**Your objective**: Once you reach the line that holds "Lemma ball_total_sites c" in the listing below, output it and every line after it through the line that holds "assert (Hle1 : forall", word for word.

**Input records**:
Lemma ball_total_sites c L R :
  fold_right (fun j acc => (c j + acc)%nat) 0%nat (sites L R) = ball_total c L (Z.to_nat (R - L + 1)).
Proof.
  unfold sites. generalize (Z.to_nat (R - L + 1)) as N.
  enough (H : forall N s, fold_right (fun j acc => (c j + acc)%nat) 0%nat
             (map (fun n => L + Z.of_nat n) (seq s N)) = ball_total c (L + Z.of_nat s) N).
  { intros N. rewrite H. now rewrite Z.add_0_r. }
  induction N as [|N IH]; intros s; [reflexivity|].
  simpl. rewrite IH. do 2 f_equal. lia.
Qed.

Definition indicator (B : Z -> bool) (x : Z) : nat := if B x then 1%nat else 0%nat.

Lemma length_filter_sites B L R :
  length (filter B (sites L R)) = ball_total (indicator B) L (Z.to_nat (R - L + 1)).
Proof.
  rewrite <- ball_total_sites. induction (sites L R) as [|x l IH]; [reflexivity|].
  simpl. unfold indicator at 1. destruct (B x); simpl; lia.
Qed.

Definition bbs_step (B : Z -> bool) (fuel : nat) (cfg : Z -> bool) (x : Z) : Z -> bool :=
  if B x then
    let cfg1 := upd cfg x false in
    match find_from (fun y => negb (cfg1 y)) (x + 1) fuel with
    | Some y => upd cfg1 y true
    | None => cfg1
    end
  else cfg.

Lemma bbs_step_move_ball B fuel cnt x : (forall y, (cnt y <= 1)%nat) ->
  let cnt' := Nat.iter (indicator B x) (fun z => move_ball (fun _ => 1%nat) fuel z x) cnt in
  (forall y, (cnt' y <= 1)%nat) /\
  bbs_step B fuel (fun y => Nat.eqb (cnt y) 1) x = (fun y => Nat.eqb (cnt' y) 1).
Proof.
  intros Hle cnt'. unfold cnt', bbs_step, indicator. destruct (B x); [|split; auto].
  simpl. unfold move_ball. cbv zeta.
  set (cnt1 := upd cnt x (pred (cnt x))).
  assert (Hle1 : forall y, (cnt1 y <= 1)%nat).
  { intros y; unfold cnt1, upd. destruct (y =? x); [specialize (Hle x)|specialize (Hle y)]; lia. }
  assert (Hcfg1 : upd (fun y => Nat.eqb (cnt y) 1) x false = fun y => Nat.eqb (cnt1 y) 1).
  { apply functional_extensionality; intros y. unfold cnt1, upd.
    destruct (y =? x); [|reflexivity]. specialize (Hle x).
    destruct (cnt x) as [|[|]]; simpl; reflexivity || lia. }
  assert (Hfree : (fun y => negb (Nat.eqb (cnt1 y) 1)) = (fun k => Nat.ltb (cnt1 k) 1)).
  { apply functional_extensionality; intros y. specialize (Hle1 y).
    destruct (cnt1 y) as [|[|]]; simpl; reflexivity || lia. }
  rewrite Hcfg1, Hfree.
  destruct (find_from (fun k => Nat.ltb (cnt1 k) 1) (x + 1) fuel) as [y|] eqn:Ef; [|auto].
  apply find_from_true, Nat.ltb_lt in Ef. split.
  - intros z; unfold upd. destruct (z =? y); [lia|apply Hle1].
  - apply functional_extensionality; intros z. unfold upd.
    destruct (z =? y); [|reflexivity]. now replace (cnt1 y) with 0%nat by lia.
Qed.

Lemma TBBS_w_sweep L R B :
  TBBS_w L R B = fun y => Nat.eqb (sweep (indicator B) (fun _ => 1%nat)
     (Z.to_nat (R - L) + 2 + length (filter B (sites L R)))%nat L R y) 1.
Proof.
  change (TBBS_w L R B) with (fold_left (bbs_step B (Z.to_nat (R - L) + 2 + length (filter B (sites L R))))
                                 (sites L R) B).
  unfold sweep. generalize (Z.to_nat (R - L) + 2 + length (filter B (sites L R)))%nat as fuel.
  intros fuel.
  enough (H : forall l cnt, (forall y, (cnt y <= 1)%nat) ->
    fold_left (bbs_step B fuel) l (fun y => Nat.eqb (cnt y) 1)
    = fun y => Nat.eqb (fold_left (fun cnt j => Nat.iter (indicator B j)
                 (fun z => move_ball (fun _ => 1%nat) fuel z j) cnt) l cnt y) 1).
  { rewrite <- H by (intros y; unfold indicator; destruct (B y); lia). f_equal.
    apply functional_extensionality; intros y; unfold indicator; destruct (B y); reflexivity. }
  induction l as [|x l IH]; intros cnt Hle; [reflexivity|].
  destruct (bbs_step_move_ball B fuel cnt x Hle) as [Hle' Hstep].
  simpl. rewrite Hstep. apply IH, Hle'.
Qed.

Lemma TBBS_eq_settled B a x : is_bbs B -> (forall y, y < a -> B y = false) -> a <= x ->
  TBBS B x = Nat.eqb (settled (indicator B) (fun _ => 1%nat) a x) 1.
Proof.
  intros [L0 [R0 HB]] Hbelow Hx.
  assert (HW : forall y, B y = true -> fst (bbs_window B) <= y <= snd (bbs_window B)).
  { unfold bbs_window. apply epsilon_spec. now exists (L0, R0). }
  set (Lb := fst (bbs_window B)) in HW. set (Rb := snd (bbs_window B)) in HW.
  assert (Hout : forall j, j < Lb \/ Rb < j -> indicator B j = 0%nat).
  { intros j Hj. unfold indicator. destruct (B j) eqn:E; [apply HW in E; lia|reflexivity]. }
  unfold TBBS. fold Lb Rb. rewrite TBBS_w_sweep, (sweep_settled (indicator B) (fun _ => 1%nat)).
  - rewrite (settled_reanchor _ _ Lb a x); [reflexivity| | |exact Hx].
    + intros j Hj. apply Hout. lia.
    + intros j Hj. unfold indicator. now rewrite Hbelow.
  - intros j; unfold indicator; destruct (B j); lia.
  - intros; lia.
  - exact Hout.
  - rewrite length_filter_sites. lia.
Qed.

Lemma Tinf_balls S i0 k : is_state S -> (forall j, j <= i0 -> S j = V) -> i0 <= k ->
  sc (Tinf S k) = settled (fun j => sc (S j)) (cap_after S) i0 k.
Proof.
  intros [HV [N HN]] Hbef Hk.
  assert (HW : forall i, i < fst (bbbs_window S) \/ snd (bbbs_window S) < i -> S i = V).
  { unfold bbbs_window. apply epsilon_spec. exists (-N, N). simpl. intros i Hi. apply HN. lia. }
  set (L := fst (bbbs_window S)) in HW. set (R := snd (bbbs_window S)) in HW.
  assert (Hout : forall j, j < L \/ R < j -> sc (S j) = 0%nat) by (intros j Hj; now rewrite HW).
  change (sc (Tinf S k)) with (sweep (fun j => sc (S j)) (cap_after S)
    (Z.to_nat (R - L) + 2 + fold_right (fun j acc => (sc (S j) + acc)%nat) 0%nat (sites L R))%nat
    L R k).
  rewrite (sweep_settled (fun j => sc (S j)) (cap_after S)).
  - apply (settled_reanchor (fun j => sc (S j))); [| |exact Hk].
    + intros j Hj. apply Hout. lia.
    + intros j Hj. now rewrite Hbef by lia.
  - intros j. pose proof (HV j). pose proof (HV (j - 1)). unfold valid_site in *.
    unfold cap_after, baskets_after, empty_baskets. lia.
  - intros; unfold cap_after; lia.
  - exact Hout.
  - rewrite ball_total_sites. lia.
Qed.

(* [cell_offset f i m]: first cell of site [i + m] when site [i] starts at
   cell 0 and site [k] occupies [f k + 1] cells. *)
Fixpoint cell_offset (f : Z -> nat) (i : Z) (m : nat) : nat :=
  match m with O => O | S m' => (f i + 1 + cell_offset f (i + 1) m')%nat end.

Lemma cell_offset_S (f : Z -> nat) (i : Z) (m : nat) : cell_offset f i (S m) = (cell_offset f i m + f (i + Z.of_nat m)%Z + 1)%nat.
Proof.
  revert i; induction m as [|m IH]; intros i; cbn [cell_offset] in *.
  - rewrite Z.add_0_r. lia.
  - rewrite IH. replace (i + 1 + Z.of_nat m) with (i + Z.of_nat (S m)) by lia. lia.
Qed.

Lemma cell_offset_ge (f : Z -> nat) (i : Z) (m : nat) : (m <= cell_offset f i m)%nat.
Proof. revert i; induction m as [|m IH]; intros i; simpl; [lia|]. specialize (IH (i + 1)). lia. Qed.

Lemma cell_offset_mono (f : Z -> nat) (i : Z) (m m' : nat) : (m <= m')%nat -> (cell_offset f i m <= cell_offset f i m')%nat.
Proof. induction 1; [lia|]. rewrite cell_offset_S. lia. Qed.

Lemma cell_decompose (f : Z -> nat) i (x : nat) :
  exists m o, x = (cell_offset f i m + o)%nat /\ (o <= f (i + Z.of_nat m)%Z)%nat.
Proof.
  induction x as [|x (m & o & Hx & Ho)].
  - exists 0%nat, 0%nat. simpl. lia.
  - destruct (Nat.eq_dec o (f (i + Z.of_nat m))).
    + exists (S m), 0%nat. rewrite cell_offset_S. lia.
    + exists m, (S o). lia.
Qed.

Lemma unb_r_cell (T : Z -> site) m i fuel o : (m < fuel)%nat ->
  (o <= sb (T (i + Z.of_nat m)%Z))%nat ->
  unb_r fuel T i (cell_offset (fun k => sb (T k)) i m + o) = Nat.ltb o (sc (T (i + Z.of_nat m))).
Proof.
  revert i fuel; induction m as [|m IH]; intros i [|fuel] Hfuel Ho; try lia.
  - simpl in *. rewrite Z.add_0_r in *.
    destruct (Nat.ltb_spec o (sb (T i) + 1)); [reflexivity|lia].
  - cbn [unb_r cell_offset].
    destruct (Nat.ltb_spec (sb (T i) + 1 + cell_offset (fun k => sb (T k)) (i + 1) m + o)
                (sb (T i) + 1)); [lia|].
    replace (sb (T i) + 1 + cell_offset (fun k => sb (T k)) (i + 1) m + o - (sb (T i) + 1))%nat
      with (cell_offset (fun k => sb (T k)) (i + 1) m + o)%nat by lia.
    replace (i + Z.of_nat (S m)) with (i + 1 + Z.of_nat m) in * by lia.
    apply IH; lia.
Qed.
--
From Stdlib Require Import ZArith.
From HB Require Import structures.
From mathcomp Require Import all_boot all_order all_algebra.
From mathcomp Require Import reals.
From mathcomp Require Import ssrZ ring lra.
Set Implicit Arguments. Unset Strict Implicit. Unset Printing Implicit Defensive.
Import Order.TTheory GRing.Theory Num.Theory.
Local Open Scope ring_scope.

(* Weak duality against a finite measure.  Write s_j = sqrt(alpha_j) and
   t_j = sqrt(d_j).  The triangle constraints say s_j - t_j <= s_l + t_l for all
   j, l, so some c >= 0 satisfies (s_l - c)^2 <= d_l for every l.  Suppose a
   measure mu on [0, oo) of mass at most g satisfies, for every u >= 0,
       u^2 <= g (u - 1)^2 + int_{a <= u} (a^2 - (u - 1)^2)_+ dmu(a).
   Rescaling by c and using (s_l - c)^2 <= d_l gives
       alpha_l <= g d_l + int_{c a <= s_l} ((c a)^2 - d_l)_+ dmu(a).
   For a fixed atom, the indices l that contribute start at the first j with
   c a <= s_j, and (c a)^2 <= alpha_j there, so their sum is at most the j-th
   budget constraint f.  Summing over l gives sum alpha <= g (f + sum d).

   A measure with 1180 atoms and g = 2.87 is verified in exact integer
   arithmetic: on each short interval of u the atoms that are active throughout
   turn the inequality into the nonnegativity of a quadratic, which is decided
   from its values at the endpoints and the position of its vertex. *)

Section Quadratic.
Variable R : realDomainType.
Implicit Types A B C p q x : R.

**Problem solution**:
Lemma ball_total_sites c L R :
  fold_right (fun j acc => (c j + acc)%nat) 0%nat (sites L R) = ball_total c L (Z.to_nat (R - L + 1)).
Proof.
  unfold sites. generalize (Z.to_nat (R - L + 1)) as N.
  enough (H : forall N s, fold_right (fun j acc => (c j + acc)%nat) 0%nat
             (map (fun n => L + Z.of_nat n) (seq s N)) = ball_total c (L + Z.of_nat s) N).
  { intros N. rewrite H. now rewrite Z.add_0_r. }
  induction N as [|N IH]; intros s; [reflexivity|].
  simpl. rewrite IH. do 2 f_equal. lia.
Qed.

Definition indicator (B : Z -> bool) (x : Z) : nat := if B x then 1%nat else 0%nat.

Lemma length_filter_sites B L R :
  length (filter B (sites L R)) = ball_total (indicator B) L (Z.to_nat (R - L + 1)).
Proof.
  rewrite <- ball_total_sites. induction (sites L R) as [|x l IH]; [reflexivity|].
  simpl. unfold indicator at 1. destruct (B x); simpl; lia.
Qed.

Definition bbs_step (B : Z -> bool) (fuel : nat) (cfg : Z -> bool) (x : Z) : Z -> bool :=
  if B x then
    let cfg1 := upd cfg x false in
    match find_from (fun y => negb (cfg1 y)) (x + 1) fuel with
    | Some y => upd cfg1 y true
    | None => cfg1
    end
  else cfg.

Lemma bbs_step_move_ball B fuel cnt x : (forall y, (cnt y <= 1)%nat) ->
  let cnt' := Nat.iter (indicator B x) (fun z => move_ball (fun _ => 1%nat) fuel z x) cnt in
  (forall y, (cnt' y <= 1)%nat) /\
  bbs_step B fuel (fun y => Nat.eqb (cnt y) 1) x = (fun y => Nat.eqb (cnt' y) 1).
Proof.
  intros Hle cnt'. unfold cnt', bbs_step, indicator. destruct (B x); [|split; auto].
  simpl. unfold move_ball. cbv zeta.
  set (cnt1 := upd cnt x (pred (cnt x))).
  assert (Hle1 : forall y, (cnt1 y <= 1)%nat).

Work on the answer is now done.